--- START ---

Lemma rpow_right_cont (z b : R) : 0 <= z -> (b < 0 -> z <> 0) ->
  limit1_in (fun e => rpow (z + e) b) pos_reals (rpow z b) 0.
Proof.
intros hz hbz eps heps.
destruct (Req_EM_T b 0) as [-> | hb].
{ exists 1; split; [lra |]; intros e _; simpl; unfold R_dist.
  rewrite !rpow_exp0 Rminus_diag Rabs_R0; lra. }
destruct (Req_EM_T z 0) as [-> | hz0].
- (* at the boundary the exponent is positive and e^b -> 0 *)
  assert (hbp : 0 < b).
  { destruct (Rlt_or_le b 0) as [h | h]; [exfalso; exact (hbz h (erefl 0)) | lra]. }
  exists (Rpower eps (/ b)); split; [unfold Rpower; apply exp_pos |].
  intros e [he hd]; simpl in *; unfold R_dist, pos_reals in *.
  rewrite Rminus_0_r Rabs_right in hd; [| lra].
  rewrite (rpow_base0 hb) Rplus_0_l Rminus_0_r (rpow_pos he hb).
  assert (hp : 0 < Rpower e b) by (unfold Rpower; apply exp_pos).
  rewrite Rabs_right; [| lra].
  replace eps with (Rpower (Rpower eps (/ b)) b).
  + apply Rlt_Rpower_l; lra.
  + rewrite Rpower_mult Rinv_l; [apply Rpower_1; lra | exact hb].
- (* in the interior, Rpower _ b is differentiable, hence continuous *)
  assert (hzp : 0 < z) by lra.
  destruct (derivable_continuous_pt (fun a => Rpower a b) z
              (exist _ _ (derivable_pt_lim_power z b hzp)) eps heps)
    as [a [ha Hcont]].
  exists (Rmin a z); split; [apply Rmin_pos; lra |].
  intros e [he hd]; simpl in *; unfold R_dist, pos_reals in *.
  rewrite Rminus_0_r Rabs_right in hd; [| lra].
  pose proof (Rmin_l a z); pose proof (Rmin_r a z).
  rewrite (rpow_pos (a := z + e)) ?(rpow_pos hzp hb); [| lra | exact hb].
  apply (Hcont (z + e)); split; [split; [exact I | lra] |].
  simpl; unfold R_dist; replace (z + e - z) with e by ring.
  rewrite Rabs_right; lra.
Qed.

Lemma prod_right_cont (T : Type) (s : seq T) (F : R -> T -> R) (L : T -> R) :
  (forall t, limit1_in (fun e => F e t) pos_reals (L t) 0) ->
  limit1_in (fun e => foldr Rmult 1 (map (F e) s)) pos_reals
            (foldr Rmult 1 (map L s)) 0.
Proof.
intros HF; induction s as [| t s IH]; simpl.
- exact (limit_free (fun _ => 1) pos_reals 0 0).
- apply limit_mul; [apply HF | exact IH].
Qed.

Lemma monom_right_cont (r n : nat) (B : 'I_r -> 'I_n -> R) (x c : 'I_n -> R)
    (j : 'I_r) :
  OmegaB B x -> (forall i, c i = 0 \/ c i = 1) ->
  limit1_in (fun e => monom B (fun i => x i + e * c i) j) pos_reals
            (monom B x j) 0.
Proof.
intros [hx0 hxneg] hc; unfold monom, prodI.
apply (@prod_right_cont _ _ (fun e i => rpow (x i + e * c i) (B j i))).
intros i; destruct (hc i) as [-> | ->].
- apply (limit1_ext (fun _ => rpow (x i) (B j i))).
  + intros e _; simpl; rewrite Rmult_0_r Rplus_0_r; reflexivity.
  + exact (limit_free (fun _ => rpow (x i) (B j i)) pos_reals 0 0).
- apply (limit1_ext (fun e => rpow (x i + e) (B j i))).
  + intros e _; simpl; rewrite Rmult_1_r; reflexivity.
  + apply rpow_right_cont; [apply hx0 | intros hb; apply hxneg; exists j; exact hb].
Qed.

Definition small_pos (P : R -> Prop) : Prop :=
  exists d, 0 < d /\ forall e, 0 < e < d -> P e.

Lemma small_pos_forall (T : finType) (P : T -> R -> Prop) :
  (forall t, small_pos (P t)) -> small_pos (fun e => forall t, P t e).
Proof.
intros HP.
assert (Hseq : forall s : seq T,
          small_pos (fun e => forall t, t \in s -> P t e)).
{ induction s as [| a s [d1 [hd1 H1]]].
  - exists 1; split; [lra | intros e _ t ht; discriminate ht].
  - destruct (HP a) as [d2 [hd2 H2]].
    exists (Rmin d1 d2); split; [apply Rmin_pos; lra |].
    intros e he t ht; pose proof (Rmin_l d1 d2); pose proof (Rmin_r d1 d2).
    rewrite in_cons in ht; destruct (t == a) eqn:Eta.
    + move/eqP: Eta => ->; apply H2; lra.
    + apply H1; [lra | exact ht]. }
destruct (Hseq (enum T)) as [d [hd Hd]].
exists d; split; [exact hd | intros e he t; apply Hd; [exact he | by rewrite mem_enum]].
Qed.

Lemma small_pos_sign (f : R -> R) (L : R) :
  limit1_in f pos_reals L 0 -> L <> 0 -> small_pos (fun e => 0 < L * f e).
Proof.
intros Hf hL.
assert (hhalf : 0 < Rabs L / 2) by (pose proof (Rabs_pos_lt L hL); lra).
destruct (Hf _ hhalf) as [d [hd Hd]].
exists d; split; [exact hd | intros e he].
assert (Hclose : Rabs (f e - L) < Rabs L / 2).
{ apply (Hd e); simpl; unfold R_dist, pos_reals.
  rewrite Rminus_0_r Rabs_right; lra. }
apply Rabs_def2 in Hclose.
destruct (Rle_or_lt 0 L) as [h | h].
- rewrite Rabs_right in Hclose; nra.
- rewrite Rabs_left in Hclose; nra.
Qed.

Lemma prodI_zero (n : nat) (f : 'I_n -> R) (i : 'I_n) : f i = 0 -> prodI f = 0.
Proof.
intros hf; unfold prodI.
have : i \in enum 'I_n by rewrite mem_enum.
elim: (enum 'I_n) => [| a s IH] //=; rewrite in_cons => /orP [/eqP <- | hs].
- rewrite hf; ring.
- rewrite (IH hs); ring.
Qed.

Lemma sumI_sub (n : nat) (f g : 'I_n -> R) :
  sumI f - sumI g = sumI (fun j => f j - g j).
Proof. unfold sumI; elim: (enum 'I_n) => [| a s IH] /=; [ring | rewrite -IH; ring]. Qed.

Lemma sumI_ext (n : nat) (f g : 'I_n -> R) :
  (forall j, f j = g j) -> sumI f = sumI g.
Proof. intros h; unfold sumI; rewrite (eq_map h); reflexivity. Qed.

Lemma monom_congr (r n : nat) (B : 'I_r -> 'I_n -> R) (u v : 'I_n -> R)
    (j : 'I_r) :
  (forall i, B j i <> 0 -> u i = v i) -> monom B u j = monom B v j.
Proof.
intros huv; unfold monom, prodI; f_equal; apply eq_map; intros i.
destruct (Req_EM_T (B j i) 0) as [-> | hb]; [rewrite !rpow_exp0 | rewrite huv]; done.
Qed.

Lemma monom_support_nz (r n : nat) (B : 'I_r -> 'I_n -> R) (x : 'I_n -> R)
    (j : 'I_r) (i : 'I_n) :
  monom B x j <> 0 -> B j i <> 0 -> x i <> 0.
Proof.
intros hm hb hx; apply hm; unfold monom.
apply (@prodI_zero _ _ i); rewrite hx; exact (rpow_base0 hb).
Qed.

Lemma fk_sub (m r n : nat) (A : 'I_m -> 'I_r -> R) (B : 'I_r -> 'I_n -> R)
    (kappa : 'I_r -> R) (x y : 'I_n -> R) (k : 'I_m) :
  fk A B kappa x k - fk A B kappa y k =
  sumI (fun j => A k j * (kappa j * (monom B x j - monom B y j))).
Proof. unfold fk; rewrite sumI_sub; apply sumI_ext; intros j; ring. Qed.

Lemma fk_eq_of_gaps (m r n : nat) (A : 'I_m -> 'I_r -> R) (B : 'I_r -> 'I_n -> R)
    (kappa kappa' : 'I_r -> R) (x y x' y' : 'I_n -> R) :
  (forall j, kappa' j * (monom B x' j - monom B y' j) =
             kappa j * (monom B x j - monom B y j)) ->
  fk A B kappa x = fk A B kappa y -> fk A B kappa' x' = fk A B kappa' y'.
Proof.
intros hgap heq; apply functional_extensionality; intros k.
apply Rminus_diag_uniq; rewrite fk_sub.
rewrite (@sumI_ext _ _ (fun j => A k j * (kappa j * (monom B x j - monom B y j)))).
- rewrite -fk_sub heq; ring.
- intros j; rewrite hgap; reflexivity.
Qed.

(** * The perturbation into the open orthant *)

Definition zero_pattern (n : nat) (x y : 'I_n -> R) (i : 'I_n) : R :=
  if Req_EM_T (x i) 0 then 1 else if Req_EM_T (y i) 0 then 1 else 0.

Definition shift (n : nat) (e : R) (c x : 'I_n -> R) : 'I_n -> R :=
  fun i => x i + e * c i.

Lemma zero_pattern01 (n : nat) (x y : 'I_n -> R) (i : 'I_n) :
  zero_pattern x y i = 0 \/ zero_pattern x y i = 1.
Proof.
unfold zero_pattern.
destruct (Req_EM_T (x i) 0); [| destruct (Req_EM_T (y i) 0)]; auto.
Qed.

Lemma zero_pattern_nz (n : nat) (x y : 'I_n -> R) (i : 'I_n) :
  x i <> 0 -> y i <> 0 -> zero_pattern x y i = 0.
Proof.
intros hx hy; unfold zero_pattern.
destruct (Req_EM_T (x i) 0); [contradiction |].
destruct (Req_EM_T (y i) 0); [contradiction | reflexivity].
Qed.
Lemma partial_join_incr (y : nat -> F) : increasing_seq L (partial_join y).
Proof. by move=> n; apply: vjoin_ubl. Qed.

Lemma le_partial_join (y : nat -> F) n : y n <=v partial_join y n.
Proof. by case: n => [|n]; [apply: vle_refl | apply: vjoin_ubr]. Qed.

Lemma partial_join_le [y : nat -> F] [b : F] :
  (forall n, y n <=v b) -> forall n, partial_join y n <=v b.
Proof. by move=> y_le; elim=> [|n IHn] //=; apply: vjoin_least. Qed.

Lemma partial_join_in [A : set F] [y : nat -> F] :
  (forall a b, A a -> A b -> A (vjoin L a b)) -> (forall n, A (y n)) ->
  forall n, A (partial_join y n).
Proof. by move=> A_join Ay; elim=> [|n IHn] //=; apply: A_join. Qed.

Context {E : set F}.
Hypotheses (subE : vector_sublattice L E) (majE : majorizing L E).

Lemma sublattice_subr_scale [x e : F] (a : R) : E x -> E e -> E (x - a *: e).
Proof.
have [_ E_add E_scale _ _] := subE.
by move=> Ex Ee; apply: E_add Ex _; rewrite -scaleNr; apply: E_scale.
Qed.

(* Enlarging the regulator into E keeps the shifts x - a e inside E. *)
Lemma uconv_fast_subseq [I : Type] [le : I -> I -> Prop] [x : I -> F] [f : F] :
  directed le -> uconv L le x f ->
  exists e (i : nat -> I), [/\ E e, 0 <=v e, principal_ideal L e f &
    forall n, vabs L (x (i n) - f) <=v n.+1%:R^-1 *: e].
Proof.
move=> dir /(uconv_regulator dir) [e0 [e0_ge0 [l l_ge0 f_le] near]].
have [e Ee le_e0e] := majE _ e0_ge0.
have e_ge0 := vle_trans e0_ge0 le_e0e.
have /choice [i near_i] n : exists i, vabs L (x i - f) <=v n.+1%:R^-1 *: e.
  have [|i le_i] := near (n.+1%:R^-1); first by rewrite invr_gt0.
  by exists i; apply: vle_trans le_i (vle_scaler _ le_e0e); rewrite invr_ge0.
exists e, i; split=> //; exists l => //.
exact: vle_trans f_le (vle_scaler l_ge0 le_e0e).
Qed.

Lemma adherence_lower_approx f : pos_part L (adherence L E) f ->
  exists e (y : nat -> F), [/\ 0 <=v e, principal_ideal L e f,
    forall n, [/\ E (y n), 0 <=v y n & y n <=v f] &
    forall n, f <=v y n + (2 / n.+1%:R) *: e].
Proof.
move=> [[I [le [x [dir Ex conv]]]] f_ge0].
have [e [i [Ee e_ge0 f_in near_i]]] := uconv_fast_subseq dir conv.
have [_ _ _ _ E_join] := subE.
pose y n := vjoin L (x (i n) - n.+1%:R^-1 *: e) 0.
exists e, y; split=> // n; have [x_le le_x] := vabs_subr_le (near_i n).
  split; [|exact: vjoin_ubr|].
  - by apply: E_join; [apply: sublattice_subr_scale | have [] := subE].
  - apply: vjoin_least f_ge0.
    by have := vle_add (- (n.+1%:R^-1 *: e)) x_le; rewrite addrK.
rewrite mulr_natl mulr2n scalerDl addrA; apply: vle_trans le_x (vle_add _ _).
have := vle_add (n.+1%:R^-1 *: e) (vjoin_ubl L (x (i n) - n.+1%:R^-1 *: e) 0).
by rewrite subrK.
Qed.

Lemma adherence_pos_increasing_approx f : pos_part L (adherence L E) f ->
  exists u : nat -> F,
    [/\ (forall n, [/\ E (u n), 0 <=v u n & u n <=v f]), increasing_seq L u,
        uconv_seq L u f & is_sup_in L setT (range u) f].
Proof.
move=> /adherence_lower_approx [e [y [e_ge0 f_in y_approx le_y_add]]].
have c_vanishing := vanishing_divn (ler0n R 2).
have u_le : forall n, partial_join y n <=v f.
  by apply: partial_join_le => n; have [] := y_approx n.
have le_u_add n : f <=v partial_join y n + (2 / n.+1%:R) *: e.
  exact: vle_trans (le_y_add n) (vle_add _ (le_partial_join y n)).
exists (partial_join y); split.
- move=> n; split=> //.
    by apply: partial_join_in => [|m]; [have [] := subE | have [] := y_approx m].
  by have [_ y_ge0 _] := y_approx n; apply: vle_trans y_ge0 (le_partial_join y n).
- exact: partial_join_incr.
- exact: uconv_seq_lower_approx e_ge0 c_vanishing u_le le_u_add f_in.
- exact: is_sup_lower_approx e_ge0 c_vanishing u_le le_u_add.
Qed.

Definition countable_sups (A : set F) : set F :=
  [set f | exists G, [/\ countable G, G `<=` A & is_sup_in L setT G f]].

Lemma is_sup_in_set1 [A : set F] [g : F] : A g -> is_sup_in L A [set g] g.
Proof. by move=> Ag; split=> // [_ ->|h _]; [apply: vle_refl | apply]. Qed.

Lemma sub_countable_sups (A : set F) : A `<=` countable_sups A.
Proof. by move=> g Ag; exists [set g]; split=> // [_ ->//|]; apply: is_sup_in_set1. Qed.

Lemma is_sup_in_sub [A B G : set F] [f : F] :
  A `<=` B -> A f -> is_sup_in L B G f -> is_sup_in L A G f.
Proof. by move=> AB Af [_ G_le f_least]; split=> // h /AB; apply: f_least. Qed.

Lemma adherence_countable_sups :
  adherence L (countable_sups E) `<=` countable_sups E.
Proof.
move=> f [I [le [x [dir Sx conv]]]].
have [e [i [Ee e_ge0 _ near_i]]] := uconv_fast_subseq dir conv.
have /choice [G G_sup] := fun n => Sx (i n).
pose shift n g := g - n.+1%:R^-1 *: e.
exists (\bigcup_(n in setT) shift n @` G n); split.
- apply: bigcup_countable => // n _; apply: sub_countable (card_image_le _ _) _.
  by have [] := G_sup n.
- move=> _ [n _ [g Gg <-]]; have [_ GE _] := G_sup n.
  exact: sublattice_subr_scale (GE _ Gg) Ee.
split=> // [_ [n _ [g Gg <-]]|h _ h_ub].
  have [_ _ [_ g_le _]] := G_sup n; have [x_le _] := vabs_subr_le (near_i n).
  by have := vle_add (- (n.+1%:R^-1 *: e)) (vle_trans (g_le _ Gg) x_le); rewrite addrK.
apply: (vle_add_vanishing e_ge0 (vanishing_divn (ler0n R 2))) => n.
have [_ _ [_ _ x_least]] := G_sup n; have [_ le_x] := vabs_subr_le (near_i n).
have x_le : x (i n) <=v h + n.+1%:R^-1 *: e.
  apply: x_least => // g Gg; have := vle_add (n.+1%:R^-1 *: e) (h_ub (shift n g) _).
  by rewrite subrK; apply; exists n => //; exists g.
rewrite mulr_natl mulr2n scalerDl addrA.
exact: vle_trans le_x (vle_add _ x_le).
Qed.

Lemma uclosure_sub_countable_sups : uclosure L E `<=` countable_sups E.
Proof.
move=> f; apply; first exact: sub_countable_sups.
by apply/seteqP; split; [apply: adherence_countable_sups | apply: sub_adherence].
Qed.

End VectorLatticeTheory.
Section ChordalClique.
Variables (T : finType) (e : rel T).
Hypotheses (e_sym : symmetric e) (e_irr : irreflexive e) (e_chordal : chordal e).
Variables v z x : T.
Hypotheses (vz : e v z) (vx : e v x) (zx : z != x).
Local Notation W := (nonnbr e v).

(* The walk [z = f 0, f 1, ..., f k, f k.+1 = x] with its interior outside N[v];
   [0 < k] makes [v :: f] a cycle of length at least 4. *)
Definition nonnbr_walk k (f : nat -> T) : Prop :=
  [/\ 0 < k, f 0 = z, f k.+1 = x, (forall i, 0 < i <= k -> f i \in W) &
      (forall i, i <= k -> e (f i) (f i.+1))].

Lemma nonnbr_walk_exists c1 c2 :
  c1 \in W -> connect (induced e W) c1 c2 -> e z c1 -> e x c2 -> exists k f, nonnbr_walk k f.
Proof.
move=> c1W /connectP[p pW ->] zc1 xc2.
pose f i := if i == 0 then z else if i <= (size p).+1 then nth c1 (c1 :: p) i.-1 else x.
have inW i : i <= size p -> nth c1 (c1 :: p) i \in W.
  by case: i => [|i] hi //=; move/(pathP c1): pW => /(_ i hi) /and3P[].
exists (size p).+1, f; split=> //.
- by rewrite /f /= ltnn.
- by move=> [|i] // /andP[_ hi]; rewrite /f /= hi inW.
- case=> [|i] hi; first by rewrite /f.
  rewrite /f /= hi; case: (ltnP i.+1 (size p).+1) => hi2.
    by move/(pathP c1): pW => /(_ i hi2) /andP[].
  have -> : i = size p by lia.
  by rewrite -last_nth e_sym.
Qed.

--- END ---

> Task details
Lines from the one containing "move=> c1W /connectP[p pW ->] zc1 xc2." to the end of the data are to be printed exactly, including the first and last.

> Exercise result
move=> c1W /connectP[p pW ->] zc1 xc2.
pose f i := if i == 0 then z else if i <= (size p).+1 then nth c1 (c1 :: p) i.-1 else x.
have inW i : i <= size p -> nth c1 (c1 :: p) i \in W.
  by case: i => [|i] hi //=; move/(pathP c1): pW => /(_ i hi) /and3P[].
exists (size p).+1, f; split=> //.
- by rewrite /f /= ltnn.
- by move=> [|i] // /andP[_ hi]; rewrite /f /= hi inW.
- case=> [|i] hi; first by rewrite /f.
  rewrite /f /= hi; case: (ltnP i.+1 (size p).+1) => hi2.
    by move/(pathP c1): pW => /(_ i hi2) /andP[].
  have -> : i = size p by lia.
  by rewrite -last_nth e_sym.
Qed.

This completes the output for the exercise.